And before the cabinet calls again, I’m taking the last piece of cake and catching a plane to New York. I’ll be back in ten days—and ready, no doubt, to attend to the ten jars of jam still waiting.


Cornmeal Cake with Warm Apricot Jam and Whipped Cream
Adapted from Fresh from the Farmers’ Market, by Janet Fletcher

I think of this cake as a sort of sexed-up cornbread. Put it this way: it is to cornbread as a silk nightgown is to cotton pajamas. It’s still comfortable in the way that only cornbread can be, but it’s better. To treat it right, be sure to use a good-quality jam. I used a sunny apricot version made by one of my favorite French producers, La Trinquelinette. I imagine that a vibrant strawberry might be nice too—or really, anything with a bright flavor and good balance of sweetness to acidity. If you want to gild the lily even further, you can play at slipping a little liqueur into the whipped cream—maybe 2 teaspoons to 1 tablespoon per cup of cream. Bourbon goes especially well with apricot, I’m happy to report.

1 ¼ cups cake flour
6 Tbs fine yellow cornmeal
2 tsp baking powder
¼ tsp salt
½ cup milk, preferably whole
1 tsp pure vanilla extract
½ cup (1 stick) unsalted butter, at room temperature
1 cup granulated sugar
2 large eggs
1 tsp grated lemon zest
½ cup good-quality jam, preferably apricot
1 cup heavy cream
1 Tbs powdered sugar

Preheat the oven to 350 degrees Fahrenheit. Grease the bottom and sides of a 9” round cake pan with butter or cooking spray, and then dust the pan lightly with flour, shaking out any excess.

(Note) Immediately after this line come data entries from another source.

(* For every knot diagram $D$ and every Dehn $p$-coloring $C$ of $D$, $\partial_2^{\rm SLB}(W(D,C))=0$ in $C_1^{\rm SLB}(\mathbb Z_p)$.
   Context: Let $p$ be an odd prime, $X=\mathbb Z_p$, $[a,b,c]=a-b+c$, $\rho((a,b))=(b,a)$, $(a,b)\,\underline{\star}\,(a,c)=(c,[a,b,c])$, $(a,b)\,\overline{\star}\,(a,c)=(c,[a,c,b])$. For $n\ge1$ let $C_n^{\rm lb}(X)$ be the free abelian group on tuples $((a,b_1),\dots,(a,b_n))$, $a,b_i\in X$ (zero for $n\le 0$), with $\partial_n^{\rm lb}$ for $n\ge 2$ given by $\sum_{i=1}^n(-1)^i\{((a,b_1),\dots,\widehat{(a,b_i)},\dots,(a,b_n))-((b_i,[a,b_1,b_i]),\dots,(b_i,[a,b_{i-1},b_i]),(b_i,[a,b_i,b_{i+1}]),\dots,(b_i,[a,b_i,b_n]))\}$ and $\partial_n^{\rm lb}=0$ for $n\le1$; in particular $\partial_2^{\rm lb}((a,b),(a,c))=-(a,c)+(a,b)+(b,[a,b,c])-(c,[a,b,c])$. Let $D_n^{\rm lb}(X)$ be generated by tuples with $b_i=b_{i+1}$ for some $i$, $D_n^{\rm lb}(X,\rho)$ generated by all $((a,b_1),\dots,(a,b_n))+((a,b_1)\underline\star(a,b_i),\dots,(a,b_{i-1})\underline\star(a,b_i),\rho((a,b_i)),(a,b_{i+1})\overline\star(a,b_i),\dots,(a,b_n)\overline\star(a,b_i))$; $C_n^{\rm SLB}(X)=C_n^{\rm lb}(X)/(D_n^{\rm lb}(X)+D_n^{\rm lb}(X,\rho))$ with induced boundary $\partial_n^{\rm SLB}$. Dehn $p$-colorings: for a knot diagram $D$ with region set $\mathcal R(D)$, at each crossing label the four regions $x_1,x_2,x_3,x_4$ so that $x_2$ is adjacent to $x_1$ across an under-arc, $x_3$ adjacent to $x_1$ across the over-arc, $x_4$ opposite $x_1$; a Dehn $p$-coloring is $C:\mathcal R(D)\to\mathbb Z_p$ with $C(x_1)+C(x_3)=C(x_2)+C(x_4)$ at every crossing. At each crossing $\chi$ choose a specified region $x_1$, put $a=C(x_1),b=C(x_2),c=C(x_3)$ and $w_\chi=\varepsilon((a,b),(a,c))\in C_2^{\rm SLB}(X)$, with $\varepsilon=+1$ if $(n_o,n_u)$ is a positively oriented basis of $\mathbb R^2$ and $-1$ otherwise ($n_u$ the normal vector from $x_1$ to $x_2$, $n_o$ from $x_1$ to $x_3$). $W(D,C)=\sum_\chi w_\chi\in C_2^{\rm SLB}(X)$; it is independent of the choices of specified regions. *)

From mathcomp Require Import all_boot all_order all_algebra.
Set Implicit Arguments. Unset Strict Implicit. Unset Printing Implicit Defensive.
Import GRing.Theory.
Local Open Scope ring_scope.

(* A generator ((a,b_1),...,(a,b_n)) is encoded as (a, [:: b_1;..;b_n]). *)
(* A chain (element of the free abelian group) is a formal integer      *)
(* combination, i.e. a list of (coefficient, generator); two chains are  *)
(* equal iff their coefficient functions [cf] agree.                    *)

Definition br (X : zmodType) (a b c : X) : X := a - b + c.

In a bowl, whisk together the cake flour, cornmeal, baking powder, and salt. Set aside.

In a measuring cup, combine the milk and vanilla extract. Set aside.

In a medium mixing bowl, beat the butter until creamy. Add the sugar gradually, scraping down the bowl once or twice, until smooth and fully incorporated. Add the eggs one at a time, beating well after each addition. Add the lemon zest, and beat to incorporate. Add the flour mixture in three batches, alternating with the milk mixture, beating on low speed until just combined. Spread the batter evenly in the prepared pan.

Bake the cake for 35 to 40 minutes, or until a toothpick inserted in the center comes out clean. Allow the cake to cool for 15-20 minutes in the pan; then invert it onto a plate, and turn it topside up onto a rack. Cool the cake to room temperature.

When you are ready to serve the cake, spoon the jam into a small saucepan, and warm it over medium-low heat, stirring occasionally, until it loosens to the consistency of a spoonable sauce and bubbles gently around the edges. If your jam was on the thick side to start, or if you would like a truly drizzle-able sauce, you may want to add a bit of water—a couple of teaspoons, maybe, or more—to help it along.

While the jam warms, whip the cream. Pour the cream into a mixing bowl, and beat it on medium speed until it begins to thicken. With the beaters running, slowly sprinkle in the sugar, and continue to beat until the cream holds soft peaks.

To serve, cut the cake into wedges, drizzle a bit of warm jam over the top, and dollop with whipped cream.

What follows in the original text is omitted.